* Collected data:
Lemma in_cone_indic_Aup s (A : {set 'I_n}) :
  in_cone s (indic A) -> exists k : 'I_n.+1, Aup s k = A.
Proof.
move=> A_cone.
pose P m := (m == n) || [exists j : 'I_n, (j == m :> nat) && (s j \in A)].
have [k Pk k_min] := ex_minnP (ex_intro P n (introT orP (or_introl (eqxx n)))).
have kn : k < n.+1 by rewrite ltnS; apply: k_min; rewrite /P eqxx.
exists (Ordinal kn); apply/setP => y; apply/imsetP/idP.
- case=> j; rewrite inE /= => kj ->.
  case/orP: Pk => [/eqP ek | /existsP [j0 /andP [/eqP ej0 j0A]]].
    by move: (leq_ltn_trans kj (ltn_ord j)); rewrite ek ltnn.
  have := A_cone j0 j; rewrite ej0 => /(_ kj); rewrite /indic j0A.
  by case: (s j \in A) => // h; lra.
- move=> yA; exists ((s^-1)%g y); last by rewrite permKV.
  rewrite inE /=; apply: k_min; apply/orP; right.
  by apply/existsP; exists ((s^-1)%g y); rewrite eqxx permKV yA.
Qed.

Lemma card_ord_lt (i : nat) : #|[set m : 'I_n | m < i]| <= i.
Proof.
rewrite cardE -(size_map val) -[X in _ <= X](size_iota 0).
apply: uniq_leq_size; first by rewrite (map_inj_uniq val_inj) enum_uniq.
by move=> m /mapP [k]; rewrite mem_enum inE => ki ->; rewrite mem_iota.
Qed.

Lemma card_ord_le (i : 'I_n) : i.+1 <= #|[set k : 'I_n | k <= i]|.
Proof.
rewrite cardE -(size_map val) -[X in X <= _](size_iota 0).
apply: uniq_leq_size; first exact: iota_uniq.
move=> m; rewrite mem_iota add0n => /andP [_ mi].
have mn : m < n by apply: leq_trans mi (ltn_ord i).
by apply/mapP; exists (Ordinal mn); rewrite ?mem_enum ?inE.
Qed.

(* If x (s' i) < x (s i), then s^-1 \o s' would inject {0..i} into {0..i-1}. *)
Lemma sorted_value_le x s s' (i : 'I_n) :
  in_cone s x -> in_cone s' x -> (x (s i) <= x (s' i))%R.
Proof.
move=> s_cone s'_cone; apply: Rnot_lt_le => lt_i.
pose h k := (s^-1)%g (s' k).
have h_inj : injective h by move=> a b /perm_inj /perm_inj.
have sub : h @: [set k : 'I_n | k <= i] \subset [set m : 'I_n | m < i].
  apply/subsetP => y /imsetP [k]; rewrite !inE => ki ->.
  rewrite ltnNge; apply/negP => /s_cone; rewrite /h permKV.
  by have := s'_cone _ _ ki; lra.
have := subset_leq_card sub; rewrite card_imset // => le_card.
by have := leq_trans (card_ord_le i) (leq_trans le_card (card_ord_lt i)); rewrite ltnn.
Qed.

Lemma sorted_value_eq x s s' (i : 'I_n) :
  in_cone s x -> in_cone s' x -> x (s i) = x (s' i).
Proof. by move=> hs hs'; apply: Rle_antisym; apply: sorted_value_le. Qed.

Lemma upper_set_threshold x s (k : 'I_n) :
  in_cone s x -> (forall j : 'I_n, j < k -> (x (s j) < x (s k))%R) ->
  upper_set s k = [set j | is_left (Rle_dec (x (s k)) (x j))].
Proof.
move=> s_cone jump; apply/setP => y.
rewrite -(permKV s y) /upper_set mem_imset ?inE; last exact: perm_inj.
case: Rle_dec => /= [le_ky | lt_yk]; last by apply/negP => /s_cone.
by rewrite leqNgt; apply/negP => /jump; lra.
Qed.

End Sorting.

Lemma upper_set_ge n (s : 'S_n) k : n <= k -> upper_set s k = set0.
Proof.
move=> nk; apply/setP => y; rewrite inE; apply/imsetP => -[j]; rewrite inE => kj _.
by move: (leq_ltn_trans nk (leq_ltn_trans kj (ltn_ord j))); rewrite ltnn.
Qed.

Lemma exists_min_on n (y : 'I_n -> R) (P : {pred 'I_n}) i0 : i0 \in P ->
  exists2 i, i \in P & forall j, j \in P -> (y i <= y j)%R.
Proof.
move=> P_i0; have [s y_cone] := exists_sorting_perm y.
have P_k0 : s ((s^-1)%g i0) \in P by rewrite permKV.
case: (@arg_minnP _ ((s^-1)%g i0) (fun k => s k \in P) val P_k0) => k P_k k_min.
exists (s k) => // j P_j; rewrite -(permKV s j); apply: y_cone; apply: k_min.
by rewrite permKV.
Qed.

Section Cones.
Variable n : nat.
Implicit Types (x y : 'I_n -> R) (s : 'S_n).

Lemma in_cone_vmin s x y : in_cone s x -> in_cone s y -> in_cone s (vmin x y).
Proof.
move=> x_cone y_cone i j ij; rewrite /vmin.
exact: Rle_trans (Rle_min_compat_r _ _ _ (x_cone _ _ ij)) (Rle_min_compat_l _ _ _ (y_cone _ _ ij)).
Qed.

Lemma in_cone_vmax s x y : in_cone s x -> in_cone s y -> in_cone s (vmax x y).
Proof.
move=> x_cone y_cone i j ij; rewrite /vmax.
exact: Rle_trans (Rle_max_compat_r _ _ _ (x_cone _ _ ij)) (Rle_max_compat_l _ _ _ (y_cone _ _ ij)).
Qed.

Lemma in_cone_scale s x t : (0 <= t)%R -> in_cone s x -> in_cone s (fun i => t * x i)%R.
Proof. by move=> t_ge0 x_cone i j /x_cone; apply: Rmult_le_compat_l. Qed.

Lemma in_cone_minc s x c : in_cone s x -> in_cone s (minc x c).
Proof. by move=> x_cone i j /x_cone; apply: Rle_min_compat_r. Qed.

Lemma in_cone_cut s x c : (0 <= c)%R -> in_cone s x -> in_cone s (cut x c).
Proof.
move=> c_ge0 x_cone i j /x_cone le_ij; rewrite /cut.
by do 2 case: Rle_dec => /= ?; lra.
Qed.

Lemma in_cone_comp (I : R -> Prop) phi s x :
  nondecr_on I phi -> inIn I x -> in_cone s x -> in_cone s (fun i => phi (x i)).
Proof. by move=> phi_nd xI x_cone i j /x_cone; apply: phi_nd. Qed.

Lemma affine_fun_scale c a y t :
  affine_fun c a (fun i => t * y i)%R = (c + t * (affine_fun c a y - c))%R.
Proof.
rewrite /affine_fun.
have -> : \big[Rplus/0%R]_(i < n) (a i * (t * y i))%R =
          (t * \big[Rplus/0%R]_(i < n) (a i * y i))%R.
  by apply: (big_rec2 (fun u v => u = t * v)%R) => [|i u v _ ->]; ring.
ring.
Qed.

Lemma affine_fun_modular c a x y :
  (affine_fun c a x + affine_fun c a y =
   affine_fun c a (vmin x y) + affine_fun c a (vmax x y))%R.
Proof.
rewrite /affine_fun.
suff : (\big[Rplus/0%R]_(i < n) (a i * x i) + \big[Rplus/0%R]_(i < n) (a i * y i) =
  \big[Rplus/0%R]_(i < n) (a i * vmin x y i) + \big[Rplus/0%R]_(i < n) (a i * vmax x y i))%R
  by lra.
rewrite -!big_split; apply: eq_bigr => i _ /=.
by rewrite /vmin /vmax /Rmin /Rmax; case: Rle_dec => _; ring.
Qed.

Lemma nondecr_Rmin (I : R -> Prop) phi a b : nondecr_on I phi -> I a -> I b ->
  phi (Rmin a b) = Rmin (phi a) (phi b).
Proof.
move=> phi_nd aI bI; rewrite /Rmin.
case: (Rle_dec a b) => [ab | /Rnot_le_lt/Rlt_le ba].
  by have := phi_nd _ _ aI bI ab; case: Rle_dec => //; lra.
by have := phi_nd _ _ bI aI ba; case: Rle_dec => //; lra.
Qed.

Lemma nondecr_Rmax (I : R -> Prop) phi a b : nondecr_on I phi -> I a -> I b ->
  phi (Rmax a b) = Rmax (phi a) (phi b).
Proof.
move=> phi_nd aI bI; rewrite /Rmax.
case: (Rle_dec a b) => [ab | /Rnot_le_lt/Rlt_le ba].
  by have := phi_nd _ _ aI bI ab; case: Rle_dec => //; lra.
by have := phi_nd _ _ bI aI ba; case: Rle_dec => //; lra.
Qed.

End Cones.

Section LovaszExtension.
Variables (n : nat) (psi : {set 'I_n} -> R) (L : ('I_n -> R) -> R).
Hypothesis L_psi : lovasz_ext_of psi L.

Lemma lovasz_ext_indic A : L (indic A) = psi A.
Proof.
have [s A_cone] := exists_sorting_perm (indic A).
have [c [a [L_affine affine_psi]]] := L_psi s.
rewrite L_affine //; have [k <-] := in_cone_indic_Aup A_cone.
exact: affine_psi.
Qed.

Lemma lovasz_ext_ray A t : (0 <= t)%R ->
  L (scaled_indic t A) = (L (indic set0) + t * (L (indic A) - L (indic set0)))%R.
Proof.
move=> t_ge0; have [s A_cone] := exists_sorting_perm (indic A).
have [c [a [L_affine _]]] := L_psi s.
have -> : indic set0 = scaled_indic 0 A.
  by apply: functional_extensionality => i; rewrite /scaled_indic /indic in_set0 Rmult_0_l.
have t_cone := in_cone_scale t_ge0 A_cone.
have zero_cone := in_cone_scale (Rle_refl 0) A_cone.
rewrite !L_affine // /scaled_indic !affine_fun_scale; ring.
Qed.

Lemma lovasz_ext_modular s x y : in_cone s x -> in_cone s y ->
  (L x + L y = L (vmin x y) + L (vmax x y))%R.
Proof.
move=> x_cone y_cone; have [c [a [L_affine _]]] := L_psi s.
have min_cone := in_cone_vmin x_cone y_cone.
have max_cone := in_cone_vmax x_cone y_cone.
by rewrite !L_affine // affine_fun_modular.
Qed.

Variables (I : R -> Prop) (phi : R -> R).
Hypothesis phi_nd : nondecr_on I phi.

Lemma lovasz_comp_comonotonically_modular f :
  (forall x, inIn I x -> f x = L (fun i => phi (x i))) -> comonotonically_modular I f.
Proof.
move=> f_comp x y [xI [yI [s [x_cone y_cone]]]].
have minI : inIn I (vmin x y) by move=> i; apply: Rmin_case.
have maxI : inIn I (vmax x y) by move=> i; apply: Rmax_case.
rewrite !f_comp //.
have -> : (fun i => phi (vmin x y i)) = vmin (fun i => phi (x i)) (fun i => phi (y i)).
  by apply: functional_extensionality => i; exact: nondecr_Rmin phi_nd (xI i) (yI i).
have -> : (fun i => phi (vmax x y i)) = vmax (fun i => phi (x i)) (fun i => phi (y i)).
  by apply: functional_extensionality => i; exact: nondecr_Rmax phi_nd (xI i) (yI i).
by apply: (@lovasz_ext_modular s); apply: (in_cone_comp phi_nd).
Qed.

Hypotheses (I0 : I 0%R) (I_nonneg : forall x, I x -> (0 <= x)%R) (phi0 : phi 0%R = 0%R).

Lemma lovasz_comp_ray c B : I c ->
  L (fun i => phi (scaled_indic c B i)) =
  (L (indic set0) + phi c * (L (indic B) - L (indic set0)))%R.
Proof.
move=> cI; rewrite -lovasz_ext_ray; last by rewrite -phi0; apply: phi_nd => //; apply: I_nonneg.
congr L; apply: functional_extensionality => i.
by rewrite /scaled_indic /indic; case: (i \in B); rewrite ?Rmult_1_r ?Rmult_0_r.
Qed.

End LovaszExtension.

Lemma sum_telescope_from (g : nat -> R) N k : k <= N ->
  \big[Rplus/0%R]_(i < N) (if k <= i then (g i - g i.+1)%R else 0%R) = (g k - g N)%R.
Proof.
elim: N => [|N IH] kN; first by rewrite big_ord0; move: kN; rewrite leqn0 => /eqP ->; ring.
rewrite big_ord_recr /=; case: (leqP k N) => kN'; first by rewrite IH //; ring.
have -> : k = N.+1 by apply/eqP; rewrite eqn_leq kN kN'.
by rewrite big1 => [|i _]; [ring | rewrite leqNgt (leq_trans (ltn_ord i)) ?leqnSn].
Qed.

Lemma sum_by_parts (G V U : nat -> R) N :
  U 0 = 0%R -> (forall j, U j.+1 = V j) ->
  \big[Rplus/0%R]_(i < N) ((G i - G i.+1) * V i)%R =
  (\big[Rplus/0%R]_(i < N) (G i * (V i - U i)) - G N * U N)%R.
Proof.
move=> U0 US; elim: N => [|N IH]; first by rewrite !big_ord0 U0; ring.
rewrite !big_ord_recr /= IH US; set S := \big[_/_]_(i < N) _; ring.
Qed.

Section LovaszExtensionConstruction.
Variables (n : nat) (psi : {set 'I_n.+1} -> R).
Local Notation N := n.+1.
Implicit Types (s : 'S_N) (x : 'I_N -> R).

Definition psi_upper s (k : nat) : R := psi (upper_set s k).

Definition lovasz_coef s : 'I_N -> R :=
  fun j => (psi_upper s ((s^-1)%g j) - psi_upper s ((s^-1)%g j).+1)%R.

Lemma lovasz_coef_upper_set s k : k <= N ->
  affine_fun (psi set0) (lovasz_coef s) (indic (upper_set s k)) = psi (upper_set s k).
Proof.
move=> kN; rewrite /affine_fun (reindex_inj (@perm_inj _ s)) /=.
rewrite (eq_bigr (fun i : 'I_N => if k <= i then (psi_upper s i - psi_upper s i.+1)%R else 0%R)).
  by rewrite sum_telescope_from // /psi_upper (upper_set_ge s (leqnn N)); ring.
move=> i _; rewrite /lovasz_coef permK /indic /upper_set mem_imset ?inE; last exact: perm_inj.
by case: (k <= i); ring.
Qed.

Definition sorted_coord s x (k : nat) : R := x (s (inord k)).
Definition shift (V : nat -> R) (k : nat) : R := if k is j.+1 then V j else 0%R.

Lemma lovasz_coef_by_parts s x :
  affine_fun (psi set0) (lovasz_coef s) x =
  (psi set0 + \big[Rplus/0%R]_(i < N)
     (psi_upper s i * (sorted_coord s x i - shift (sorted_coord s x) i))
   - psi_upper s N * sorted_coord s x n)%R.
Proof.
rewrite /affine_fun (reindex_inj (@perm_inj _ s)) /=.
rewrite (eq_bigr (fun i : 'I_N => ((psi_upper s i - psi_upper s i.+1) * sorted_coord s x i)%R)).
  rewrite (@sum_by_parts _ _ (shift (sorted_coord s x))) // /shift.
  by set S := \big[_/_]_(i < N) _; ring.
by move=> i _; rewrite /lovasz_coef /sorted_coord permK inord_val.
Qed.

* Work task: Your answer must be the lines above from the one containing "rewrite big_ord_recr /=;" to the one containing "Local Notation N := n.+1.", both included, restated word for word.

* Output below:
rewrite big_ord_recr /=; case: (leqP k N) => kN'; first by rewrite IH //; ring.
have -> : k = N.+1 by apply/eqP; rewrite eqn_leq kN kN'.
by rewrite big1 => [|i _]; [ring | rewrite leqNgt (leq_trans (ltn_ord i)) ?leqnSn].
Qed.

Lemma sum_by_parts (G V U : nat -> R) N :
  U 0 = 0%R -> (forall j, U j.+1 = V j) ->
  \big[Rplus/0%R]_(i < N) ((G i - G i.+1) * V i)%R =
  (\big[Rplus/0%R]_(i < N) (G i * (V i - U i)) - G N * U N)%R.
Proof.
move=> U0 US; elim: N => [|N IH]; first by rewrite !big_ord0 U0; ring.
rewrite !big_ord_recr /= IH US; set S := \big[_/_]_(i < N) _; ring.
Qed.

Section LovaszExtensionConstruction.
Variables (n : nat) (psi : {set 'I_n.+1} -> R).
Local Notation N := n.+1.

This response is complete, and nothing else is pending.